Alert description
This alert is triggered when transactions remain in the commit stage for 1200 seconds or more within the tenant.
Alerting principle
The following table describes the key parameters involved in the alerting monitoring logic.
| Parameter | Value |
|---|---|
| Monitoring metric | pending_trans_max_duration_seconds |
| Data source |
|
| Collected metrics | collect_time,ctx_create_time |
| Monitoring expression | max((collect_time - ctx_create_time)/1000000) |
| Collection interval | 60 seconds |
Rule information
| Monitoring metric | Default threshold | Monitoring metric source | Detection cycle | Elimination cycle |
|---|---|---|---|---|
| pending_trans_max_duration_seconds | 1200 | Tenant metrics | 60 seconds | 5 minutes |
Alert information
| Alert trigger method | Alert level | Scope |
|---|---|---|
| Based on the expression of the monitoring metric | Critical | Tenant |
Alert template
Alert summary
Template: ${alarm_target} ${alarm_name}
Example: ob_cluster=obcluster-1:tenant_name=orac2:trans_hash={hash:10801753558860391353, inc:59202486, addr:"xxx.xxx.xxx.xxx:2882", t:1646993121179509} OceanBase tenant has a pending transaction
Alert details
Template: Cluster: ${ob_cluster_name}, Tenant: ${tenant_name} has a pending transaction. Session ID: ${session_id}, Transaction ID: ${trans_hash}, Transaction type: ${trans_type}, Transaction creation time: ${trans_create_time}, Maximum duration of the transaction: ${value_shown}.

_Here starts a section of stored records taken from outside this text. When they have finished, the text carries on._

(* Let $[\mu]\in\mathbb PV_n$ be a critical point of $F_n$ with $\mathrm M_\mu=c_\mu I+D_\mu$, $c_\mu\in\mathbb R$, $D_\mu\in\mathrm{Der}(\mu)$. Then $\operatorname{tr}D_\mu=0$ if and only if $D_\mu=0$.
   Context: $V_n$ is the space of bilinear maps $\mu:\mathbb C^n\times\mathbb C^n\to\mathbb C^n$ with the standard Hermitian structures. $L^\mu_XY=\mu(X,Y)$, $R^\mu_XY=\mu(Y,X)$, and for an orthonormal basis $\{X_i\}$, $\mathrm M_\mu=2\sum_i L^\mu_{X_i}(L^\mu_{X_i})^*-2\sum_i (L^\mu_{X_i})^*L^\mu_{X_i}-2\sum_i (R^\mu_{X_i})^*R^\mu_{X_i}$ (a Hermitian matrix). $F_n([\mu])=\operatorname{tr}\mathrm M_\mu^2/\|\mu\|^4$; $[\mu]$ is a critical point of $F_n$ iff $\mathrm M_\mu=c_\mu I+D_\mu$ with $c_\mu\in\mathbb R$ and $D_\mu$ a derivation of $\mu$. *)

(* complex numbers C = R[i] over a real closed field R
   (for R the real numbers this is the usual complex field). *)
From HB Require Import structures.
From mathcomp Require Import all_boot all_order all_algebra.
From mathcomp Require Import complex.
Set Implicit Arguments. Unset Strict Implicit. Unset Printing Implicit Defensive.
Import Order.TTheory GRing.Theory Num.Theory.
Local Open Scope ring_scope.

(* An element mu of V_n (a bilinear map C^n x C^n -> C^n) is given by its
   values on the standard (orthonormal) basis: mu i j = mu(e_i, e_j). *)
Definition bilin (R : rcfType) (n : nat) := 'I_n -> 'I_n -> 'cV[R[i]]_n.

Definition mu_app (R : rcfType) (n : nat) (mu : bilin R n)
  (X Y : 'cV[R[i]]_n) : 'cV[R[i]]_n :=
  \sum_(i < n) \sum_(j < n) (X i 0 * Y j 0) *: mu i j.

(* Matrices of L^mu_{e_i} (Y |-> mu(e_i,Y)) and R^mu_{e_i} (Y |-> mu(Y,e_i)). *)
Definition Lmx (R : rcfType) (n : nat) (mu : bilin R n) (i : 'I_n) : 'M[R[i]]_n :=
  \matrix_(k, j) mu i j k 0.
Definition Rmx (R : rcfType) (n : nat) (mu : bilin R n) (i : 'I_n) : 'M[R[i]]_n :=
  \matrix_(k, j) mu j i k 0.

Definition adj (R : rcfType) (n : nat) (A : 'M[R[i]]_n) : 'M[R[i]]_n :=
  (map_mx Num.conj A)^T.

Definition Mmu (R : rcfType) (n : nat) (mu : bilin R n) : 'M[R[i]]_n :=
  2%:R *: (\sum_(i < n) Lmx mu i *m adj (Lmx mu i))
  - 2%:R *: (\sum_(i < n) adj (Lmx mu i) *m Lmx mu i)
  - 2%:R *: (\sum_(i < n) adj (Rmx mu i) *m Rmx mu i).

Definition is_derivation (R : rcfType) (n : nat) (mu : bilin R n)
  (D : 'M[R[i]]_n) : Prop :=
  forall X Y : 'cV[R[i]]_n,
    D *m mu_app mu X Y = mu_app mu (D *m X) Y + mu_app mu X (D *m Y).

(* mu is nonzero (so that [mu] is a point of PV_n). *)
Definition bilin_nonzero (R : rcfType) (n : nat) (mu : bilin R n) : Prop :=
  exists i j, mu i j != 0.

From HB Require Import structures.
From mathcomp Require Import all_boot all_order all_algebra.
From mathcomp Require Import complex.
Import Order.TTheory GRing.Theory Num.Theory.
Local Open Scope ring_scope.
Local Open Scope complex_scope.

(* Write M = M_mu, L_i = L^mu_{e_i}, R_i = R^mu_{e_i}, and
   A^H for the Hermitian adjoint adj A.
   1. M is Hermitian: it is a real combination of sums of matrices A A^H
      and A^H A.
   2. For every derivation D, tr(M D) = 0.  A derivation satisfies the
      commutator identity [D, L_i] = L_{D e_i} = sum_m D_{mi} L_m; with
      tr(L L^H D) - tr(L^H L D) = tr(L^H [D, L]) this gives
        tr((sum L_i L_i^H - sum L_i^H L_i) D) = sum_{i,m} D_{mi} tr(L_i^H L_m),
      and the duality identity (sum_j R_j^H R_j)_{lk} = tr(L_l^H L_k) shows
      that tr((sum R_j^H R_j) D) is the very same sum.
   3. If M = cI + D with c real, then D = M - cI is Hermitian, so
      tr(D D^H) = tr(D^2) = tr(M D) - c tr D; hence tr D = 0 forces
      sum |D_lk|^2 = 0, i.e. D = 0.
   The file first develops the Hermitian adjoint, then derivations and the
   trace identity of step 2, and derives the theorem at the end. *)

Section Adjoint.
Variables (R : rcfType) (n : nat).
Implicit Types A B : 'M[R[i]]_n.

Lemma adj_mul A B : adj (A *m B) = adj B *m adj A.
Proof. by rewrite /adj map_mxM trmx_mul. Qed.

Lemma adjK A : adj (adj A) = A.
Proof. by apply/matrixP => k l; rewrite !mxE conjCK. Qed.

Lemma adjB A B : adj (A - B) = adj A - adj B.
Proof. by rewrite /adj map_mxB linearB. Qed.

(* Natural-number scalars are real, so they commute with the adjoint. *)
Lemma adj_natZ (m : nat) A : adj (m%:R *: A) = m%:R *: adj A.
Proof. by rewrite /adj map_mxZ linearZ /= rmorph_nat. Qed.

Lemma adj_sum (I : finType) (F : I -> 'M[R[i]]_n) :
  adj (\sum_i F i) = \sum_i adj (F i).
Proof. by rewrite /adj map_mx_sum linear_sum. Qed.

Lemma adj_realC (c : R) : adj ((c%:C)%:M : 'M[R[i]]_n) = (c%:C)%:M.
Proof.
apply/matrixP => k l; rewrite !mxE eq_sym rmorphMn /=.
by congr (_ *+ _); apply/eqP; rewrite -CrealE realE !lecR le_total.
Qed.

Lemma trace_mul_adj A : \tr (A *m adj A) = \sum_l \sum_k `|A l k| ^+ 2.
Proof.
rewrite /mxtrace; apply: eq_bigr => l _; rewrite mxE.
by apply: eq_bigr => k _; rewrite !mxE normCK.
Qed.

Lemma trace_mul_adj_eq0 A : \tr (A *m adj A) = 0 -> A = 0.
Proof.
rewrite trace_mul_adj => /eqP; rewrite psumr_eq0 => [/allP Hl|l _]; last first.
  by rewrite sumr_ge0 // => k _; rewrite exprn_ge0.
apply/matrixP => l k; rewrite mxE.
move: (Hl l (mem_index_enum l)); rewrite psumr_eq0 => [/allP Hk|k' _].
  by move: (Hk k (mem_index_enum k)); rewrite sqrf_eq0 normr_eq0 => /eqP.
by rewrite exprn_ge0.
Qed.
End Adjoint.

Section Derivation.
Variables (R : rcfType) (n : nat) (mu : bilin R n).
Local Notation L := (Lmx mu).
Local Notation Rm := (Rmx mu).

Lemma mu_app_deltar (X : 'cV[R[i]]_n) j :
  mu_app mu X (delta_mx j 0) = \sum_p X p 0 *: mu p j.
Proof.
apply: eq_bigr => p _; rewrite (bigD1 j) //= big1 ?addr0.
  by rewrite mxE !eqxx mulr1.
by move=> q /negbTE qj; rewrite mxE qj mulr0 scale0r.
Qed.

Lemma mu_app_deltal (Y : 'cV[R[i]]_n) i :
  mu_app mu (delta_mx i 0) Y = \sum_q Y q 0 *: mu i q.
Proof.
rewrite /mu_app (bigD1 i) //= [X in _ + X]big1 ?addr0.
  by apply: eq_bigr => q _; rewrite mxE !eqxx mul1r.
by move=> p /negbTE pi; apply: big1 => q _; rewrite mxE pi mul0r scale0r.
Qed.

Lemma mu_app_delta i j : mu_app mu (delta_mx i 0) (delta_mx j 0) = mu i j.
Proof.
rewrite mu_app_deltar (bigD1 i) //= big1 ?addr0; first by rewrite mxE !eqxx scale1r.
by move=> p /negbTE pi; rewrite mxE pi scale0r.
Qed.

Lemma derivation_coord D i j l : is_derivation mu D ->
  \sum_k D l k * mu i j k 0 =
  \sum_m D m i * mu m j l 0 + \sum_m D m j * mu i m l 0.
Proof.
move=> HD.
have := congr1 (fun v : 'cV[R[i]]_n => v l 0) (HD (delta_mx i 0) (delta_mx j 0)).
rewrite mu_app_delta mu_app_deltar mu_app_deltal -!colE !mxE !summxE => ->.
by congr (_ + _); apply: eq_bigr => m _; rewrite !mxE.
Qed.

(* Matrix form of the same identity: [D, L_i] = L_{D e_i}. *)
Lemma derivation_commutator D i : is_derivation mu D ->
  D *m L i - L i *m D = \sum_m D m i *: L m.
Proof.
move=> HD; apply/matrixP => l j; rewrite /Lmx !mxE !summxE.
under eq_bigr do rewrite mxE.
under [in X in _ - X]eq_bigr do rewrite mxE mulrC.
under [RHS]eq_bigr do rewrite !mxE.
by rewrite derivation_coord // addrK.
Qed.

Lemma adj_Mmu : adj (Mmu mu) = Mmu mu.
Proof.
rewrite /Mmu !adjB !adj_natZ !adj_sum.
under eq_bigr do rewrite adj_mul adjK.
under [in X in _ - X - _]eq_bigr do rewrite adj_mul adjK.
by under [in X in _ - X]eq_bigr do rewrite adj_mul adjK.
Qed.

(* Duality between right and left multiplications: both sides equal
   sum_{j,p} conj(mu(e_l, e_j)_p) mu(e_k, e_j)_p. *)
Lemma sum_adjR_mulR l k :
  (\sum_j adj (Rm j) *m Rm j) l k = \tr (adj (L l) *m L k).
Proof.
rewrite summxE /mxtrace; apply: eq_bigr => j _; rewrite !mxE.
by apply: eq_bigr => p _; rewrite !mxE.
Qed.

Lemma trace_Mmu_derivation D : is_derivation mu D -> \tr (Mmu mu *m D) = 0.
Proof.
move=> HD.
(* G i m is the Hermitian product of L_i and L_m; both trace terms reduce to
   the pairing of D with G. *)
pose G i m := \tr (adj (L i) *m L m).
have trL : \tr ((\sum_i L i *m adj (L i)) *m D)
         - \tr ((\sum_i adj (L i) *m L i) *m D) = \sum_i \sum_m D m i * G i m.
  rewrite -raddfB -mulmxBl -sumrB mulmx_suml raddf_sum /=; apply: eq_bigr => i _.
  rewrite mulmxBl raddfB /= -!mulmxA mxtrace_mulC -mulmxA -raddfB /= -mulmxBr.
  rewrite derivation_commutator // mulmx_sumr raddf_sum /=.
  by apply: eq_bigr => m _; rewrite -scalemxAr linearZ.
have trR : \tr ((\sum_j adj (Rm j) *m Rm j) *m D) = \sum_i \sum_m D m i * G i m.
  rewrite /mxtrace; apply: eq_bigr => i _; rewrite mxE.
  by apply: eq_bigr => m _; rewrite sum_adjR_mulR mulrC.
by rewrite /Mmu !mulmxBl -!scalemxAl -!scalerBr linearZ /= !linearB /= trL trR subrr mulr0.
Qed.
End Derivation.

Theorem mainTheorem6 (R : rcfType) (n : nat) (mu : bilin R n)
  (c : R) (D : 'M[R[i]]_n) :
  bilin_nonzero mu ->
  is_derivation mu D ->
  Mmu mu = (c%:C)%:M + D ->
  (\tr D = 0 <-> D = 0).
Proof.
move=> _ HD HM; split=> [trD0|->]; last exact: mxtrace0.
(* D = M_mu - c I is Hermitian, so tr(D D^H) = tr(D D) = tr(M_mu D) - c tr D. *)
have D_herm : adj D = D.
  have -> : D = Mmu mu - (c%:C)%:M by rewrite HM addrAC subrr add0r.
  by rewrite adjB adj_realC adj_Mmu.
apply: trace_mul_adj_eq0; rewrite D_herm.
have := @trace_Mmu_derivation _ _ _ _ HD.
by rewrite HM mulmxDl mul_scalar_mx mxtraceD linearZ /= trD0 mulr0 add0r.
Qed.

Example: Cluster: obcluster-1, Tenant: orac2 has a pending transaction. Session ID: 3221635048, Transaction ID: {hash:10801753558860391353, inc:59202486, addr:"xxx.xxx.xxx.xxx:2882", t:1646993121179509}, Transaction type: distribute, Transaction creation time: 2022-03-11T18:05:21.184+08:00, Maximum duration of the transaction: 25 days 19 hours 57 minutes 24.66 seconds.
Alert recovery
- Template: Alert: ${alarm_name}
- Example: Alert: OceanBase tenant has a pending transaction
Impact on the system
A pending transaction causes the MemStore to stop the flush, and the business stops.
Possible causes
- This alert is usually caused by a minority, full disk, or memory overflow.
- The machine clock is out of synchronization by more than 100 ms.
Solution
Check whether a minority occurs.
A minority occurs generally because of OBServer node exceptions or network failures, and the ob_cannot_connected OB server cannot be connected alert is reported.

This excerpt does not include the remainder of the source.